→ About this task
Would you please transcribe, exactly as written, the lines of the entries below starting at the one that holds "End QuotientNorm." and ending at the one that holds "have hS k : qn", both included?
Top of Given data
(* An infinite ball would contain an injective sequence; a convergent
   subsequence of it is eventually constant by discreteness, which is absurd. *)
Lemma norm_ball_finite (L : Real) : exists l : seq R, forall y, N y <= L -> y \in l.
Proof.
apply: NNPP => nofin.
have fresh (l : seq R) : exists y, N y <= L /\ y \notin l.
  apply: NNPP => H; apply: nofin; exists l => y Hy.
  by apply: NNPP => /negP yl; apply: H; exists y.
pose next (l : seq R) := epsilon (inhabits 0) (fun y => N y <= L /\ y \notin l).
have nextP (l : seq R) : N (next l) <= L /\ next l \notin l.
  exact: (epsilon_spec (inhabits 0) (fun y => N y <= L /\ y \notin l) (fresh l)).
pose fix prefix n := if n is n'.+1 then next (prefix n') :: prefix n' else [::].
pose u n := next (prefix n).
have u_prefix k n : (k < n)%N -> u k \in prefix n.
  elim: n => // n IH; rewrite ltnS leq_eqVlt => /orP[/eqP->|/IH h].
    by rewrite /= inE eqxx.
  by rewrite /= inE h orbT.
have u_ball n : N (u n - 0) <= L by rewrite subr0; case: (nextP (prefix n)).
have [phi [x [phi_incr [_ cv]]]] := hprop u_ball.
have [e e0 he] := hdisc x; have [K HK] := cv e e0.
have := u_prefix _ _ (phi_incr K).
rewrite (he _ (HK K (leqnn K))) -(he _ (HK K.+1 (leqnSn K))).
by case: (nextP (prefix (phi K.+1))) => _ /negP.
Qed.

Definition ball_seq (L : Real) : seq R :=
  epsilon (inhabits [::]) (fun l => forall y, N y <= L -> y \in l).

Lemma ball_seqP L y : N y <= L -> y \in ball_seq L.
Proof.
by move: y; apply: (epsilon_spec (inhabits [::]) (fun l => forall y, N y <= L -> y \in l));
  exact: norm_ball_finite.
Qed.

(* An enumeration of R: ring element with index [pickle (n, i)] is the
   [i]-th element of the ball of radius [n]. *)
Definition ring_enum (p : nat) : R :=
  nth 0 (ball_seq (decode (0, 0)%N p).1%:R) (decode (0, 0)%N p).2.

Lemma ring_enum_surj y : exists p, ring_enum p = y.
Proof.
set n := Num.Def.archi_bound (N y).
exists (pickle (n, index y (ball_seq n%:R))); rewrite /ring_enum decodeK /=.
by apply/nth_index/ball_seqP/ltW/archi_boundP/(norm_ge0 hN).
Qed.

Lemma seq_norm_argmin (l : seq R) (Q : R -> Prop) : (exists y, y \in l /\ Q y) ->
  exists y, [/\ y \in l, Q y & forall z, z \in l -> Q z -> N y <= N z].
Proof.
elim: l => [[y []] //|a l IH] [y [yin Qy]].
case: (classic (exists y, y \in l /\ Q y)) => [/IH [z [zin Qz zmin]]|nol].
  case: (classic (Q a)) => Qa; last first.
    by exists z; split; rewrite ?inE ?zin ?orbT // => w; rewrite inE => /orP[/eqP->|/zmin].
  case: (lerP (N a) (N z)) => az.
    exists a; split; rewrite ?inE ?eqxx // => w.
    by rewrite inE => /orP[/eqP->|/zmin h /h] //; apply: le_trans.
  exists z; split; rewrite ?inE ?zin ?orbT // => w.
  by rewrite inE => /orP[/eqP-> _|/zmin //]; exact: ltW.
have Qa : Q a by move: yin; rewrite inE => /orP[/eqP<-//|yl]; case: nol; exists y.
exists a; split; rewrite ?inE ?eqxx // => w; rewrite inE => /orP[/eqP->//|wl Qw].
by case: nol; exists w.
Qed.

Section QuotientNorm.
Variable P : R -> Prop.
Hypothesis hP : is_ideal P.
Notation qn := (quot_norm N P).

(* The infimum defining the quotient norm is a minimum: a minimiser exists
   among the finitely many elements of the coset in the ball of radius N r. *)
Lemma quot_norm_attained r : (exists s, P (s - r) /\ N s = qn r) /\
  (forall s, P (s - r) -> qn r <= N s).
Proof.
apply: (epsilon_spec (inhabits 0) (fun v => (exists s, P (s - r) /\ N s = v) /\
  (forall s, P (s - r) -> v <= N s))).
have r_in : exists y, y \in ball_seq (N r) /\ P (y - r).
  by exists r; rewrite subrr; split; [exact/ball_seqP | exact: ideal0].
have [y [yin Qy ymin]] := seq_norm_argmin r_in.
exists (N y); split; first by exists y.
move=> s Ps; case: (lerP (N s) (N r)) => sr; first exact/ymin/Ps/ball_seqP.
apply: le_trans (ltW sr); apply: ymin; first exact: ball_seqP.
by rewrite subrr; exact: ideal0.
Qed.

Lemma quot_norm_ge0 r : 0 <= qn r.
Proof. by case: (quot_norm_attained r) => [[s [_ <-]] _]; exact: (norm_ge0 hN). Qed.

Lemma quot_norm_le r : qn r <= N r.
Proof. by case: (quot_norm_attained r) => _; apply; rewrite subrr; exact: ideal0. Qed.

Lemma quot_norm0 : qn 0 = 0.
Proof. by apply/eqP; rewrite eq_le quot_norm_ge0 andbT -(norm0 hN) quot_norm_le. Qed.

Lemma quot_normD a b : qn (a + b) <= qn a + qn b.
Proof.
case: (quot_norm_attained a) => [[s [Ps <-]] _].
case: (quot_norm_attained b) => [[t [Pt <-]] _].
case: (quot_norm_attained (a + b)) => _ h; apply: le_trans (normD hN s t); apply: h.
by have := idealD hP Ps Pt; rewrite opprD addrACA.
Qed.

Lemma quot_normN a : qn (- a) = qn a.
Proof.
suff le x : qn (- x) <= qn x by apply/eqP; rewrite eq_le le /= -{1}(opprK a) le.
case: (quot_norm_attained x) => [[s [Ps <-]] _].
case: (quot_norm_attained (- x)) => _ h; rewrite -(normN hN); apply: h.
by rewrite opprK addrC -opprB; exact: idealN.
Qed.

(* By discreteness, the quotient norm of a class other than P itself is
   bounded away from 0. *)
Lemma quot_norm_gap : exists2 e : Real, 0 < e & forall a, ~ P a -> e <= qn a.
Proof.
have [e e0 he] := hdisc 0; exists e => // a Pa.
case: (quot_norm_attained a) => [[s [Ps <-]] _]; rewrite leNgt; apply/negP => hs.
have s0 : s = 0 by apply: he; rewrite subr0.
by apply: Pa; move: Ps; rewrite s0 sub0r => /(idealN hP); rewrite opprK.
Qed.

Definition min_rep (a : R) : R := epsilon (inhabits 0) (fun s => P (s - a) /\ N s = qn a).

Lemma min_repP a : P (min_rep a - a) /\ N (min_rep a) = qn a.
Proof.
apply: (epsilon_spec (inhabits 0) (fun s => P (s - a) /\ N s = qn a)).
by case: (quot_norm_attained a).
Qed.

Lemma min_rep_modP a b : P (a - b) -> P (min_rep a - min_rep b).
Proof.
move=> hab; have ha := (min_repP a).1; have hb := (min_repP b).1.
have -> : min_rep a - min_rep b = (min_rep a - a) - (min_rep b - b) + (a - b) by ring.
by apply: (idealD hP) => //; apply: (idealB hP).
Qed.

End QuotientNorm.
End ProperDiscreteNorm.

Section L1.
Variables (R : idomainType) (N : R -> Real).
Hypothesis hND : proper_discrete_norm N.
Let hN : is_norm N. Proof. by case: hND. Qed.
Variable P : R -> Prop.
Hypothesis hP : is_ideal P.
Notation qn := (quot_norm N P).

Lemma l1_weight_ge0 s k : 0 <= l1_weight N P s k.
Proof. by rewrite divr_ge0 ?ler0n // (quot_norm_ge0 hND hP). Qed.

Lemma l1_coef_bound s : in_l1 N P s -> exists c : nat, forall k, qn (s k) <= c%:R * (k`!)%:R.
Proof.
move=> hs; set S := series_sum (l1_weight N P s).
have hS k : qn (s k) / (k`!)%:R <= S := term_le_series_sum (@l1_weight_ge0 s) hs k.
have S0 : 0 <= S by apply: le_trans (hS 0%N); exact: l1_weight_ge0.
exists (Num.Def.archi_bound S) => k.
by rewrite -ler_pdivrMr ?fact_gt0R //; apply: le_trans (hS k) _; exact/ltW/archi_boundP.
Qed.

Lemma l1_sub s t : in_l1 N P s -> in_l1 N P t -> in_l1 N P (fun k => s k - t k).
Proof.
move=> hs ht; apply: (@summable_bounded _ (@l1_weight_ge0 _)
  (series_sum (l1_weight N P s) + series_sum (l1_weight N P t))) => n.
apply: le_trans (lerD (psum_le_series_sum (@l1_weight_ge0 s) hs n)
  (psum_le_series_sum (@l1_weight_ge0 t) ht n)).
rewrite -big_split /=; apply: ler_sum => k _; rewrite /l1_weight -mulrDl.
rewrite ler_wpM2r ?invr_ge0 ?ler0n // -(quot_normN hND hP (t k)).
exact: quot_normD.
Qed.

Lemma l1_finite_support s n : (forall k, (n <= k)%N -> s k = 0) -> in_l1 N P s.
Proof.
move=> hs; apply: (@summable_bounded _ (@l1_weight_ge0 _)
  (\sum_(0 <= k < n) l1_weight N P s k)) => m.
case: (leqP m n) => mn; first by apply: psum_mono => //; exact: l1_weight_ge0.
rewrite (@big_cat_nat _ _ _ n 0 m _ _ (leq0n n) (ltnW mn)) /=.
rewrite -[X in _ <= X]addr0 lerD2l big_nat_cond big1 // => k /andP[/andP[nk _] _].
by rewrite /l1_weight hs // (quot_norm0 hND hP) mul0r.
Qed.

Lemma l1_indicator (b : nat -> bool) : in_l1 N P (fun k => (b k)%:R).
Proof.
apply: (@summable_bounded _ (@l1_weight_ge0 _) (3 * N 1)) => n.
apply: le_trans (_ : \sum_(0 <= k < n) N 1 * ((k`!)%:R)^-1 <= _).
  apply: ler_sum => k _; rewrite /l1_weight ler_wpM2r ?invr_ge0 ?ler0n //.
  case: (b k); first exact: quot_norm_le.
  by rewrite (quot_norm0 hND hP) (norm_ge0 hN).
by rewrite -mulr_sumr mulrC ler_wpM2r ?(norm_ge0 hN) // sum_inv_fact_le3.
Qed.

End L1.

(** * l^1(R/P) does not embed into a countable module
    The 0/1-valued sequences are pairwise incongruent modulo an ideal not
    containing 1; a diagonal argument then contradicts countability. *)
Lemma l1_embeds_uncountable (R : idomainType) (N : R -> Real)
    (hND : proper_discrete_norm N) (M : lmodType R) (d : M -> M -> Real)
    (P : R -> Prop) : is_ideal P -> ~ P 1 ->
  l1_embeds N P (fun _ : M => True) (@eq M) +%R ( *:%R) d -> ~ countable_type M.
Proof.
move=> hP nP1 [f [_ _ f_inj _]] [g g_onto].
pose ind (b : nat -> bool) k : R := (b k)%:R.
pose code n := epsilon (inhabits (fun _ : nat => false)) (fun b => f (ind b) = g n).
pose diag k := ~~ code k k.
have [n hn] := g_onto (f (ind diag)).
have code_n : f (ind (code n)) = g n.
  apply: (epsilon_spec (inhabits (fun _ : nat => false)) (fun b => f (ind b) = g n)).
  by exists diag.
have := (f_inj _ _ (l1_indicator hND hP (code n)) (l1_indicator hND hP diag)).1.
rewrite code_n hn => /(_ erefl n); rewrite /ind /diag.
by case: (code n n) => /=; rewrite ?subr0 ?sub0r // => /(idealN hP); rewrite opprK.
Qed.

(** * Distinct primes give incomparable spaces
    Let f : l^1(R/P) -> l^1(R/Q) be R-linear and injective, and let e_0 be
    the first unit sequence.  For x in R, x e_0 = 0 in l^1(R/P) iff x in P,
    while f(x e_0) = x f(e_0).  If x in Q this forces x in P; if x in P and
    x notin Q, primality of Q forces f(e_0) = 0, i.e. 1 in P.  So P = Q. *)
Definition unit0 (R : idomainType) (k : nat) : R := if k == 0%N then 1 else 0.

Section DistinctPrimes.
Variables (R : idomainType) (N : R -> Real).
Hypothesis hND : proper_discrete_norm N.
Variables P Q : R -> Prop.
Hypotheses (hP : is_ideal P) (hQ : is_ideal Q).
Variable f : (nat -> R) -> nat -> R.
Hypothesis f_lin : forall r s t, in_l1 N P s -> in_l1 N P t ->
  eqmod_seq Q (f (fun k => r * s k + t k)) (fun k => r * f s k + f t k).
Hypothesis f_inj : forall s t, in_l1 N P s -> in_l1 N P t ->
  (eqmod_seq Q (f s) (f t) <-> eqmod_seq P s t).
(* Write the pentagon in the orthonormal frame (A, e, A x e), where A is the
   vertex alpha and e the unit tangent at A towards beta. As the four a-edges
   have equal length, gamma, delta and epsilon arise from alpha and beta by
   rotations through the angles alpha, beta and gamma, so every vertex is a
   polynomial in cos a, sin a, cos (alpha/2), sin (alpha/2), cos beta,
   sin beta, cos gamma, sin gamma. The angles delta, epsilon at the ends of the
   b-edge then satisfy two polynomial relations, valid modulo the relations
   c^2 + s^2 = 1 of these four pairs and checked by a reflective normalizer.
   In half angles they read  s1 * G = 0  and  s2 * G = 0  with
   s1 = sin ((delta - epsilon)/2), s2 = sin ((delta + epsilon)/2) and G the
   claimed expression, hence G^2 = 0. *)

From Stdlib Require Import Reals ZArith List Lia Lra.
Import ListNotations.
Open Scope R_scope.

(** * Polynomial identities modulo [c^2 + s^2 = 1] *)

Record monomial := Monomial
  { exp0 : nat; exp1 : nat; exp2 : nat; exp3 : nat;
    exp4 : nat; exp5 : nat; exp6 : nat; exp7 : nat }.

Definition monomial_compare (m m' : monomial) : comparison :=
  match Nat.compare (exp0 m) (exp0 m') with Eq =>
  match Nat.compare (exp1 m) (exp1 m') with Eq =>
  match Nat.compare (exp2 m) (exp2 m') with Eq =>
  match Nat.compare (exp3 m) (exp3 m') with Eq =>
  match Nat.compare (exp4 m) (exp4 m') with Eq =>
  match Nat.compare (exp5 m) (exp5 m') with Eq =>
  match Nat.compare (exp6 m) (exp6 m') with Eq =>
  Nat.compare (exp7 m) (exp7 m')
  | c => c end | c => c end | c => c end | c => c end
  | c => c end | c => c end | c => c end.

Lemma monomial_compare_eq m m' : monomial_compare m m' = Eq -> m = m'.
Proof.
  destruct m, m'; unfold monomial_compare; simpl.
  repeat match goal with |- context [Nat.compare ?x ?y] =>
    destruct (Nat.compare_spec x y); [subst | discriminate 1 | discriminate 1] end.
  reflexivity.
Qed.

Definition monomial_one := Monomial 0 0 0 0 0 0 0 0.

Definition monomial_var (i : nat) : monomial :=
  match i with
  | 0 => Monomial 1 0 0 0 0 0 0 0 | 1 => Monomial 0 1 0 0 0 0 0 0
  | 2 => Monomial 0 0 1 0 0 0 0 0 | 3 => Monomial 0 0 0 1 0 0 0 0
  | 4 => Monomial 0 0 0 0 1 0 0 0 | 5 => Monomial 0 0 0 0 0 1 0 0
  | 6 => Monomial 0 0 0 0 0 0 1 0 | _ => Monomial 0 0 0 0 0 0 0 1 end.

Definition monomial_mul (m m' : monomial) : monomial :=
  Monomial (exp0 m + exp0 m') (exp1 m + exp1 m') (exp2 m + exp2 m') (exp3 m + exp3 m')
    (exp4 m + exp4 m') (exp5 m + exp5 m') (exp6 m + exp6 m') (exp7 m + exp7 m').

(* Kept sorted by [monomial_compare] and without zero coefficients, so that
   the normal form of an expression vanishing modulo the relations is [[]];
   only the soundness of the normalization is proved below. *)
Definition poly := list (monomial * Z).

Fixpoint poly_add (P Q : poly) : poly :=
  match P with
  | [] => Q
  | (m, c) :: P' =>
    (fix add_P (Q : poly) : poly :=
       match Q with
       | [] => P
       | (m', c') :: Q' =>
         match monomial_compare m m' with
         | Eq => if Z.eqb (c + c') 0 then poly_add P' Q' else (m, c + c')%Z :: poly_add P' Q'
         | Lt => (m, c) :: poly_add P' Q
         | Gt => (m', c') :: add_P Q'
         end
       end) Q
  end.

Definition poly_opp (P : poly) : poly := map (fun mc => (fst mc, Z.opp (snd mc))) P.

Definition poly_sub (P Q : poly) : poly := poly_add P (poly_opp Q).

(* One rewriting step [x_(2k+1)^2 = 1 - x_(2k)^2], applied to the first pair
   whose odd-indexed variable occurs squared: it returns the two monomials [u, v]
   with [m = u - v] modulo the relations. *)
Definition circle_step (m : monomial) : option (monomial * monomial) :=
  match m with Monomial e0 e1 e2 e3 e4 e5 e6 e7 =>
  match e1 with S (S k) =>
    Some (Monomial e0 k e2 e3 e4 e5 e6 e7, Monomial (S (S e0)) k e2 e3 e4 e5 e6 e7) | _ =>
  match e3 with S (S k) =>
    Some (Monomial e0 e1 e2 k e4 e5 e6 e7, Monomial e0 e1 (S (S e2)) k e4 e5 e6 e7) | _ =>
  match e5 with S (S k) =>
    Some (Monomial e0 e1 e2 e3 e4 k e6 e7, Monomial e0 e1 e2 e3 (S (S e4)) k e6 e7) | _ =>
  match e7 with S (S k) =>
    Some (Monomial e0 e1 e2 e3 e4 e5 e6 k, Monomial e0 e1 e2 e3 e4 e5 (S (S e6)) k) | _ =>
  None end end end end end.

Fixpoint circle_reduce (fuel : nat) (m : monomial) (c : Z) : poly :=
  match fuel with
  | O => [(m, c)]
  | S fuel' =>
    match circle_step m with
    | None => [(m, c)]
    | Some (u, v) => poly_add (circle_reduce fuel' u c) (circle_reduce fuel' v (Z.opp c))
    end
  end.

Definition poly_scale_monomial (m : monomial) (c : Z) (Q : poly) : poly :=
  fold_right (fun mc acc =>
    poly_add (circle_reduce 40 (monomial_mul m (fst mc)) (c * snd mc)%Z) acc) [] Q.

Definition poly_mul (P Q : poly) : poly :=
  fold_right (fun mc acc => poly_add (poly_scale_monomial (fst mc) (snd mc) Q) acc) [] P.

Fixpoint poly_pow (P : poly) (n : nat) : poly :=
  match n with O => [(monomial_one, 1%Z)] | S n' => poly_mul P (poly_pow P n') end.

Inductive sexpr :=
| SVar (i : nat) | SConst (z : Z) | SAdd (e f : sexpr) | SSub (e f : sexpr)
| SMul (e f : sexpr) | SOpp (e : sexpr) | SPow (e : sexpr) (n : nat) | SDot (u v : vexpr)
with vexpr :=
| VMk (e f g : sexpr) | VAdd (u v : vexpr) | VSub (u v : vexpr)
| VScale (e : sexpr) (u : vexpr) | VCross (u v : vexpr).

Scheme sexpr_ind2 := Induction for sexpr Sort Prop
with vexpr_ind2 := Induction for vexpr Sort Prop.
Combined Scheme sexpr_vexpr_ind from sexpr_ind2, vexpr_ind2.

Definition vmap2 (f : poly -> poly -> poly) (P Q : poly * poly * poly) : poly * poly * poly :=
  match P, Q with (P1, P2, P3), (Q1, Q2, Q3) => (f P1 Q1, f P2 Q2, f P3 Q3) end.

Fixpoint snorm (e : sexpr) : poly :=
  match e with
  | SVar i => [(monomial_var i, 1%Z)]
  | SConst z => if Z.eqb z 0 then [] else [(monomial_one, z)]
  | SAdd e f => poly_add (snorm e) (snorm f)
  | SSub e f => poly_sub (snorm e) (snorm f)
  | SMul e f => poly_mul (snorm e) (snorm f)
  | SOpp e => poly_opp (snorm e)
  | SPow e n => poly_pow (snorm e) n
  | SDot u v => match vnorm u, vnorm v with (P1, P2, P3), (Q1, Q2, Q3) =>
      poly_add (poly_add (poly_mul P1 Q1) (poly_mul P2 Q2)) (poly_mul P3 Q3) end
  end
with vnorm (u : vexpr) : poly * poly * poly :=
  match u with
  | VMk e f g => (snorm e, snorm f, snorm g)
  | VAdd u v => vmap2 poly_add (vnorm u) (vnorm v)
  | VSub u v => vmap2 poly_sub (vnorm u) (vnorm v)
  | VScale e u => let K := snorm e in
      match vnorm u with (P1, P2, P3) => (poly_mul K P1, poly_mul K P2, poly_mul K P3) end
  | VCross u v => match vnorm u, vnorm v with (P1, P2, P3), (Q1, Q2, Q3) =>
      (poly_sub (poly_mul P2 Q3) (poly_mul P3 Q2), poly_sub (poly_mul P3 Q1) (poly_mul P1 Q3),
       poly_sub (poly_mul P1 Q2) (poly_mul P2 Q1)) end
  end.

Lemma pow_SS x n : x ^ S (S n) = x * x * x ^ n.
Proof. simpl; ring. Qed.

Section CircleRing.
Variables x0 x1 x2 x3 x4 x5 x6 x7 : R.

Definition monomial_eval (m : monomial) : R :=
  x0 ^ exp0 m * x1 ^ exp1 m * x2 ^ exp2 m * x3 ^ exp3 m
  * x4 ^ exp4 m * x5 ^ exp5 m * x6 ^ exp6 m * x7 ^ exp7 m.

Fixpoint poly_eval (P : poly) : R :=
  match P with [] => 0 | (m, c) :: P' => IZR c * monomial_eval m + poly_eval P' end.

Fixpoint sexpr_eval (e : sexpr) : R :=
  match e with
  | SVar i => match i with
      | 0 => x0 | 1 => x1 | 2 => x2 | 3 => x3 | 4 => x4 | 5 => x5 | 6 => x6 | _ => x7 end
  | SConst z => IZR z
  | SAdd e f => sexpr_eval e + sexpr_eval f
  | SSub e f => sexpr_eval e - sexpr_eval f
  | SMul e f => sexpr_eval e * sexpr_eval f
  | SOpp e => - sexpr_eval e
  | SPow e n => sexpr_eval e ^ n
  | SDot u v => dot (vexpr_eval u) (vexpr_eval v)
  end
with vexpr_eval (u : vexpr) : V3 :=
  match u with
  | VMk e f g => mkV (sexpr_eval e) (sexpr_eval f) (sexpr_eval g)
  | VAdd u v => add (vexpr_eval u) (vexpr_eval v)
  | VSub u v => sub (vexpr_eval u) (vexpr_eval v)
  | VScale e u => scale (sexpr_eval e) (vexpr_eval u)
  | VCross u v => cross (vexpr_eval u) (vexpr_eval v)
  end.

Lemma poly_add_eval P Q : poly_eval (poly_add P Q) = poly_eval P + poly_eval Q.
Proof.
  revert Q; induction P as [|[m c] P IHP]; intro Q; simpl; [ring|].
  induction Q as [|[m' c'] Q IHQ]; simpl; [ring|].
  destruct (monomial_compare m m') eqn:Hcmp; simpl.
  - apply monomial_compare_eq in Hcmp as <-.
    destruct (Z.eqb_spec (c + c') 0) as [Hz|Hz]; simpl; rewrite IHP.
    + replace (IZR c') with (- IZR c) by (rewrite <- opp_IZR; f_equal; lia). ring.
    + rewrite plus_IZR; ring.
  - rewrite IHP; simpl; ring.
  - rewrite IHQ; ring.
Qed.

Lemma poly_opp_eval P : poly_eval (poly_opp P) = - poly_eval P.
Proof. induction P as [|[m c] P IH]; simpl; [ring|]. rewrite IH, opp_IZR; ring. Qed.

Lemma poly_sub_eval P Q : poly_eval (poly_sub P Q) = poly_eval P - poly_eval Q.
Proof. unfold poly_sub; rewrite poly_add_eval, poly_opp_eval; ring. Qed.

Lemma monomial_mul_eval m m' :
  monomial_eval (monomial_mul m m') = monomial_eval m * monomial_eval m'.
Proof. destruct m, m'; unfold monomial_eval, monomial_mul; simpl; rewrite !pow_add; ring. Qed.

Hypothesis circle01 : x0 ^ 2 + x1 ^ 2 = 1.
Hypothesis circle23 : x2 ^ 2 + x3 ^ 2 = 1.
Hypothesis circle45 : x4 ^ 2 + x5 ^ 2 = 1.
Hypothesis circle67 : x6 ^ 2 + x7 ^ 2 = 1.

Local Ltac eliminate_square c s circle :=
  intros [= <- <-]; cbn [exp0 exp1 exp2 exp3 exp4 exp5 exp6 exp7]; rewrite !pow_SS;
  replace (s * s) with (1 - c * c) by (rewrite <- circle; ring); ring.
Bottom of Given data
→ Result of the exercise
End QuotientNorm.
End ProperDiscreteNorm.

Section L1.
Variables (R : idomainType) (N : R -> Real).
Hypothesis hND : proper_discrete_norm N.
Let hN : is_norm N. Proof. by case: hND. Qed.
Variable P : R -> Prop.
Hypothesis hP : is_ideal P.
Notation qn := (quot_norm N P).

Lemma l1_weight_ge0 s k : 0 <= l1_weight N P s k.
Proof. by rewrite divr_ge0 ?ler0n // (quot_norm_ge0 hND hP). Qed.

Lemma l1_coef_bound s : in_l1 N P s -> exists c : nat, forall k, qn (s k) <= c%:R * (k`!)%:R.
Proof.
move=> hs; set S := series_sum (l1_weight N P s).
have hS k : qn (s k) / (k`!)%:R <= S := term_le_series_sum (@l1_weight_ge0 s) hs k.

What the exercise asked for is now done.